I was testing my own RAG application.
I'd spent weeks building it — .NET 8, Qdrant, OpenAI, Clean Architecture. It worked well. Upload documents, ask questions, get cited answers. I was happy with it.
So I loaded up some public annual reports and research papers, and started stress-testing it.
Most answers were solid. Then I asked:
"What are the common risk factors mentioned across these annual reports, and do any of them overlap?"
The system responded in seconds. Confident. Cited. Clean.
But when I cross-checked manually, I realised it had only pulled chunks from one report. The others hadn't been touched. No warning. No caveat. Just a quietly incomplete answer dressed up as a complete one.
That was the moment I stopped and thought: this isn't a retrieval bug. This is an architectural ceiling.
What Single-Shot RAG Actually Does
Here's the pipeline most RAG systems run:
User question
→ Generate embedding
→ Vector search (one query, one pass)
→ Take top-K chunks
→ Stuff into prompt
→ Generate answer
It's fast, cheap, and works well for direct factual questions. "What is the refund policy?" — great. One search finds it.

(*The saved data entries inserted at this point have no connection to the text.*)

(* Let $\Omega\subset\mathbb{R}^d$ be open with Lipschitz boundary, $\pi\in\mathcal M^+(\Omega)$ with $\pi(\Omega)>0$, and let $\varphi:[0,\infty)\to[0,\infty]$ be convex with $\varphi(1)=\varphi'(1)=0$ and $\varphi''(1)=1$. Then there is no constant $c>0$ such that $$\int\Big|\nabla\Big(\varphi'\big(\tfrac{d\mu}{d\pi}\big)\Big)\Big|^2\,d\mu\ \ge\ c\,\mathrm{D}_\varphi(\mu|\pi)$$ holds for all $\mu\in\mathcal M^+(\Omega)$.
   Context: $\mathrm{D}_\varphi(\mu|\nu)=\int\varphi(\frac{d\mu}{d\nu})\,d\nu$ if $\mu\ll\nu$, $+\infty$ otherwise. $\mathcal M^+(\Omega)$: nonnegative finite measures. *)

From HB Require Import structures.
From mathcomp Require Import all_boot all_order all_algebra.
From mathcomp Require Import all_classical all_reals all_analysis.
Set Implicit Arguments. Unset Strict Implicit. Unset Printing Implicit Defensive.
Import Order.TTheory GRing.Theory Num.Theory.
Import numFieldNormedType.Exports.
Local Open Scope classical_set_scope.
Local Open Scope ring_scope.

(* R^d is modelled by row vectors 'rV[R]_d; as a measurable space it carries
   the Borel sigma-algebra (generated by the open sets). *)
Notation Rd R d := (g_sigma_algebraType (@open 'rV[R]_d)).

Definition dotv {R : realType} {d : nat} (u v : 'rV[R]_d) : R := (u *m v^T) 0 0.

(* Ω has a Lipschitz boundary: around every boundary point x there is a ball
   B(x,r), a unit direction ν and a Lipschitz function γ of the coordinates
   orthogonal to ν such that Ω ∩ B(x,r) is the strict epigraph of γ in
   direction ν (intersected with B(x,r)). *)
Definition lipschitz_boundary {R : realType} {d : nat} (O : set 'rV[R]_d) : Prop :=
  forall x : 'rV[R]_d, closure O x -> ~ O x ->
    exists r : R, 0 < r /\
    exists nu : 'rV[R]_d, dotv nu nu = 1 /\
    exists gam : 'rV[R]_d -> R,
      (exists L : R, forall u v, `|gam u - gam v| <= L * `|u - v|) /\
      (forall y, ball x r y ->
         (O y <-> gam (y - dotv y nu *: nu) < dotv y nu)).

Definition grad_norm2 {R : realType} {d : nat} (g : 'rV[R]_d -> R) (x : 'rV[R]_d) : R :=
  \sum_(i < d) (derive g x (delta_mx 0 i)) ^+ 2.

Definition Dphi {R : realType} {dd} {T : measurableType dd}
  (phi : R -> \bar R) (mu pi : {finite_measure set T -> \bar R}) : \bar R :=
  if `[< mu `<< pi >] then
    (\int[pi]_x phi (fine (Radon_Nikodym (charge_of_finite_measure mu) pi x)))%E
  else (+oo)%E.

From HB Require Import structures.
From mathcomp Require Import all_boot all_order all_algebra.
From mathcomp Require Import all_classical all_reals all_analysis.
From mathcomp Require Import measurable_realfun.
Set Implicit Arguments.
Unset Strict Implicit.
Unset Printing Implicit Defensive.

Import Order.TTheory GRing.Theory Num.Theory.
Import numFieldNormedType.Exports.
Local Open Scope classical_set_scope.
Local Open Scope ring_scope.

(* Constant densities give a counterexample.  If mu = k pi for a constant
   k >= 0, then phi'(dmu/dpi) is constant, so the left-hand side vanishes,
   while D_phi(mu|pi) = phi(k) pi(Omega).  Since phi''(1) = 1, phi is not
   identically zero near 1: some k close to 1 has 0 < phi(k) < +oo, and then
   the inequality fails for every c > 0. *)

Lemma derive1_near0 (R : realType) (f : R -> R) (a : R) :
  (\forall t \near a, f t = 0) -> \forall t \near a, derive1 f t = 0.
Proof.
move=> f0; apply: filterS (nbhs_interior f0) => t ft0.
by rewrite derive1E (@near_eq_derive _ _ _ _ (cst 0)) ?derive_cst.
Qed.

Lemma exists_fin_nonzero_near (R : realType) (phi : R -> \bar R) (a : R) :
  (\forall t \near a, phi t \is a fin_num) ->
  (\forall t \near a, derivable (fun s => fine (phi s)) t 1) ->
  derive1 (derive1 (fun s => fine (phi s))) a != 0 ->
  exists k, [/\ phi k \is a fin_num, derivable (fun s => fine (phi s)) k 1
              & fine (phi k) != 0].
Proof.
move=> phi_fin phi_der; apply: contra_neqP => no_k.
have phi0 : \forall t \near a, fine (phi t) = 0.
  near=> t; apply: contra_notP no_k => phit_neq0.
  by exists t; split; [near: t | near: t | exact/eqP].
exact: nbhs_singleton (derive1_near0 (derive1_near0 phi0)).
Unshelve. all: by end_near.
Qed.

Lemma grad_norm2_cst (R : realType) (d : nat) (a : R) (x : 'rV[R]_d) :
  grad_norm2 (fun=> a) x = 0.
Proof. by rewrite /grad_norm2 big1 // => i _; rewrite derive_cst expr0n. Qed.

(* Unlike ge0_le_integral, no measurability is required (phi is not assumed
   measurable): the integral of a nonnegative function is the supremum of the
   integrals of the simple functions below it. *)
Lemma ge0_le_integralT d (T : measurableType d) (R : realType)
    (mu : {measure set T -> \bar R}) (f g : T -> \bar R) :
  (forall x, 0 <= f x)%E -> (forall x, f x <= g x)%E ->
  (\int[mu]_x f x <= \int[mu]_x g x)%E.
Proof.
move=> f0 fg; have g0 x : (0 <= g x)%E := le_trans (f0 x) (fg x).
rewrite !ge0_integralTE //; apply: ereal_sup_le => _ [h hf <-].
by exists h => // x; exact: le_trans (hf x) (fg x).
Qed.

Section constant_density.
Context d (T : measurableType d) (R : realType).
Variable pi : {finite_measure set T -> \bar R}.
Local Open Scope ereal_scope.

Lemma mscale_dominates (k : {nonneg R}) : mscale k pi `<< pi.
Proof.
by apply/null_content_dominatesP => A mA piA0; rewrite /mscale /= piA0 mule0.
Qed.

Lemma Radon_Nikodym_mscale (k : {nonneg R}) :
  ae_eq pi setT (Radon_Nikodym (charge_of_finite_measure (mscale k pi)) pi)
                (cst k%:num%:E).
Proof.
have muk := mscale_dominates k.
apply: integral_ae_eq => //; first exact: Radon_Nikodym_integrable.
move=> E _ mE; rewrite -Radon_Nikodym_integral //.
by rewrite /charge_of_finite_measure /= /mscale integral_cst.
Qed.

Lemma ae_cst_le_integral_comp (F : T -> \bar R) (a : \bar R)
    (G : \bar R -> \bar R) :
  measurable_fun setT F -> ae_eq pi setT F (cst a) ->
  (forall x, 0 <= G x) -> G a \is a fin_num ->
  G a * pi setT <= \int[pi]_x G (F x).
Proof.
move=> mF Fa G0 Ga_fin; pose S := setT `&` F @^-1` [set a].
have mS : measurable S by apply: mF => //; exact: emeasurable_set1.
pose lower x := (fine (G a) * \1_S x)%:E.
have mlower : measurable_fun setT lower.
  exact/measurable_EFinP/measurable_funM/measurable_indic.
have lower_ae : ae_eq pi setT lower (cst (fine (G a))%:E).
  apply: filterS Fa => x Fx _; rewrite /lower indicE mem_set ?mulr1 //.
  by split => //; exact: Fx.
have -> : G a * pi setT = \int[pi]_x lower x.
  rewrite (ae_eq_integral _ _ _ mlower _ lower_ae) //.
  by rewrite integral_cst // fineK.
apply: ge0_le_integralT => x.
  by rewrite lee_fin mulr_ge0 // fine_ge0.
rewrite /lower indicE; have [/set_mem [_ /= ->]|_] := boolP (x \in S).
  by rewrite mulr1 fineK.
by rewrite mulr0.
Qed.

Lemma le_Dphi_mscale (phi : R -> \bar R) (k : {nonneg R}) :
  (forall t, 0 <= phi t) -> phi k%:num \is a fin_num ->
  phi k%:num * pi setT <= Dphi phi (mscale k pi) pi.
Proof.
move=> phi0 phik_fin; rewrite /Dphi asboolT; last exact: mscale_dominates.
have muk := mscale_dominates k.
apply: (ae_cst_le_integral_comp (G := phi \o fine) _ (Radon_Nikodym_mscale k)).
- exact/measurable_int/Radon_Nikodym_integrable.
- by move=> x; exact: phi0.
- exact: phik_fin.
Qed.

End constant_density.

Theorem mainTheorem11 (R : realType) (d : nat) (O : set 'rV[R]_d)
  (pi : {finite_measure set (Rd R d) -> \bar R}) (phi : R -> \bar R) :
  open O -> lipschitz_boundary O ->
  pi (~` O) = 0%E -> (0 < pi O)%E ->
  (* φ : [0,∞) → [0,∞], extended by +∞ on (-∞,0) *)
  (forall t, t < 0 -> phi t = +oo%E) ->
  (forall t, 0 <= t -> (0 <= phi t)%E) ->
  (forall x y l : R, 0 <= x -> 0 <= y -> 0 <= l <= 1 ->
     (phi (l * x + (1 - l) * y)%R <= l%:E * phi x + (1 - l)%R%:E * phi y)%E) ->
  phi 1 = 0%E ->
  (\forall t \near (1 : R), phi t \is a fin_num) ->
  (\forall t \near (1 : R), derivable (fun s => fine (phi s)) t 1) ->
  derive1 (fun s => fine (phi s)) 1 = 0 ->
  derivable (derive1 (fun s => fine (phi s))) 1 1 ->
  derive1 (derive1 (fun s => fine (phi s))) 1 = 1 ->
  ~ (exists c : R, 0 < c /\
      forall (mu : {finite_measure set (Rd R d) -> \bar R}) (rho : Rd R d -> R),
        mu (~` O) = 0%E ->
        (* rho is a version of the density dμ/dπ *)
        measurable_fun setT rho -> (forall x, 0 <= rho x) ->
        (forall A, measurable A -> mu A = (\int[pi]_(x in A) (rho x)%:E)%E) ->
        (* φ'(rho) is defined and differentiable on O *)
        (forall x, O x -> derivable (fun s => fine (phi s)) (rho x) 1) ->
        (forall x, O x ->
           differentiable (fun y : 'rV[R]_d => derive1 (fun s => fine (phi s)) (rho y)) x) ->
        (\int[mu]_(x in O)
            (grad_norm2 (fun y : 'rV[R]_d => derive1 (fun s => fine (phi s)) (rho y)) x)%:E
          >= c%:E * Dphi phi mu pi)%E).
Proof.
move=> oO _ piO0 piO_gt0 phi_neg phi_ge0 _ _ phi_fin phi_der _ _ phi''1.
move=> [c [c_gt0 ineq]].
have phi0 t : (0 <= phi t)%E.
  by have [/phi_neg ->|/phi_ge0 //] := ltP t 0; rewrite leey.
have phi''1_neq0 : derive1 (derive1 (fun s => fine (phi s))) 1 != 0.
  by rewrite phi''1 oner_eq0.
have [k [phik_fin phi_derk phik_neq0]] :=
  exists_fin_nonzero_near phi_fin phi_der phi''1_neq0.
have k_ge0 : 0 <= k.
  by rewrite leNgt; apply/negP => /phi_neg phik; rewrite phik in phik_fin.
pose kn := NngNum k_ge0.
have muO : mscale kn pi (~` O) = 0%E by rewrite /mscale /= piO0 mule0.
have muE A : measurable A -> mscale kn pi A = (\int[pi]_(x in A) k%:E)%E.
  by move=> mA; rewrite integral_cst.
have := ineq (mscale kn pi) (fun=> k) muO (measurable_cst _) (fun=> k_ge0) muE
  (fun _ _ => phi_derk) (fun _ _ => differentiable_cst _ _).
rewrite (eq_integral (fun=> 0%E)) ?integral0; last first.
  by move=> x _; rewrite grad_norm2_cst.
apply/negP; rewrite -ltNge mule_gt0 ?lte_fin //.
apply: (lt_le_trans _ (le_Dphi_mscale (k := kn) pi phi0 phik_fin)).
have piT_gt0 : (0 < pi setT)%E.
  apply: lt_le_trans piO_gt0 _; apply: le_measure; rewrite ?inE //.
  exact: sub_sigma_algebra.
by rewrite mule_gt0 //= -(fineK phik_fin) lte_fin lt_def phik_neq0 fine_ge0.
Qed.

But for anything that requires:
- Searching across multiple documents with different angles
- Comparing information from two sources
- First understanding what documents exist, then drilling in
...single-shot RAG fails silently. The LLM gets whatever the one search returned and does its best. It has no way to say "I think I need more context from a different source." It just answers.
The Fix: Give the System the Ability to Think Before It Answers
What I needed wasn't better retrieval. I needed the system to plan its retrieval.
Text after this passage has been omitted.